INSTRUCTIONS TO FOLLOW
Starting with the first line and ending with the line that holds "exists (col_mx z0%:M", repeat the material exactly.
Segment Open
Lemma fm_lift_dual :
  (exists z' : 'cV[R]_n, forall x, 0 < (fm_vec x *m z') 0 0) ->
  exists z : 'cV[R]_(1 + n), forall i, 0 < (h i *m z) 0 0.
Proof.
case=> z' hz'.
pose L p := - (r p *m z') 0 0 / a p.
pose U q := (r q *m z') 0 0 / - a q.
have [z0 [Lz zU]] : exists z0,
    (forall p, 0 < a p -> L p < z0) /\ (forall q, a q < 0 -> z0 < U q).
  apply: separating_point => p q ap aq.
  have := hz' (inr (exist _ (p, q) (introT andP (conj ap aq)))).
  rewrite /fm_vec /= linearD !linearZ /= mulmxDl -!scalemxAl !mxE -/(r p) -/(r q).
  by rewrite /L /U ltr_pdivrMr // mulrAC ltr_pdivlMr ?oppr_gt0 // !mxE; lra.
exists (col_mx z0%:M z') => i; rewrite mul_row_col_head -/(a i) -/(r i).
case: (ltgtP (a i) 0) => ai.
- by have := zU i ai; rewrite /U ltr_pdivlMr ?oppr_gt0 //; lra.
- by have := Lz i ai; rewrite /L ltr_pdivrMr //; lra.
- by rewrite ai mul0r add0r; exact: hz' (inl (exist _ i (introT eqP ai))).
Qed.

Lemma fm_lift_primal :
  (exists c' : fm_index -> R,
     [/\ forall x, 0 <= c' x, exists x, 0 < c' x & \sum_x c' x *: fm_vec x = 0]) ->
  exists c : I -> R, [/\ forall i, 0 <= c i, exists i, 0 < c i & \sum_i c i *: h i = 0].
Proof.
case=> c' [c'_ge0 [x0 c'x0] c'_sum].
exists (fun i => \sum_x c' x * fm_coef x i); split.
- by move=> i; apply: sumr_ge0 => x _; rewrite mulr_ge0 ?fm_coef_ge0.
- have [i coef_gt0] : exists i, 0 < fm_coef x0 i.
    case: x0 {c'x0} => [j | [[p q] /= /andP[ap aq]]]; [exists (val j) | exists p];
      rewrite /= eqxx ?ltr01 // mul1r ltr_wpDr ?mulr_ge0 ?ler0n ?ltW //.
    by rewrite oppr_gt0.
  exists i; rewrite (bigD1 x0) //= ltr_wpDr ?mulr_gt0 //.
  by apply: sumr_ge0 => x _; rewrite mulr_ge0 ?fm_coef_ge0.
- under eq_bigr do rewrite scaler_suml.
  rewrite exchange_big /=.
  rewrite (eq_bigr (fun x => row_mx 0 (c' x *: fm_vec x))) => [|x _]; last first.
    move/(congr1 ( *:%R (c' x))): (fm_comb x); rewrite scale_row_mx scaler0 scaler_sumr => <-.
    by apply: eq_bigr => i _; rewrite scalerA.
  transitivity (row_mx 0 (\sum_x c' x *: fm_vec x) : 'rV_(1 + n)); last first.
    by rewrite c'_sum row_mx0.
  by elim/big_rec2: _ => [|x u v _ ->]; rewrite ?row_mx0 // add_row_mx addr0.
Qed.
Segment Closed
TASK RESPONSE
Lemma fm_lift_dual :
  (exists z' : 'cV[R]_n, forall x, 0 < (fm_vec x *m z') 0 0) ->
  exists z : 'cV[R]_(1 + n), forall i, 0 < (h i *m z) 0 0.
Proof.
case=> z' hz'.
pose L p := - (r p *m z') 0 0 / a p.
pose U q := (r q *m z') 0 0 / - a q.
have [z0 [Lz zU]] : exists z0,
    (forall p, 0 < a p -> L p < z0) /\ (forall q, a q < 0 -> z0 < U q).
  apply: separating_point => p q ap aq.
  have := hz' (inr (exist _ (p, q) (introT andP (conj ap aq)))).
  rewrite /fm_vec /= linearD !linearZ /= mulmxDl -!scalemxAl !mxE -/(r p) -/(r q).
  by rewrite /L /U ltr_pdivrMr // mulrAC ltr_pdivlMr ?oppr_gt0 // !mxE; lra.
exists (col_mx z0%:M z') => i; rewrite mul_row_col_head -/(a i) -/(r i).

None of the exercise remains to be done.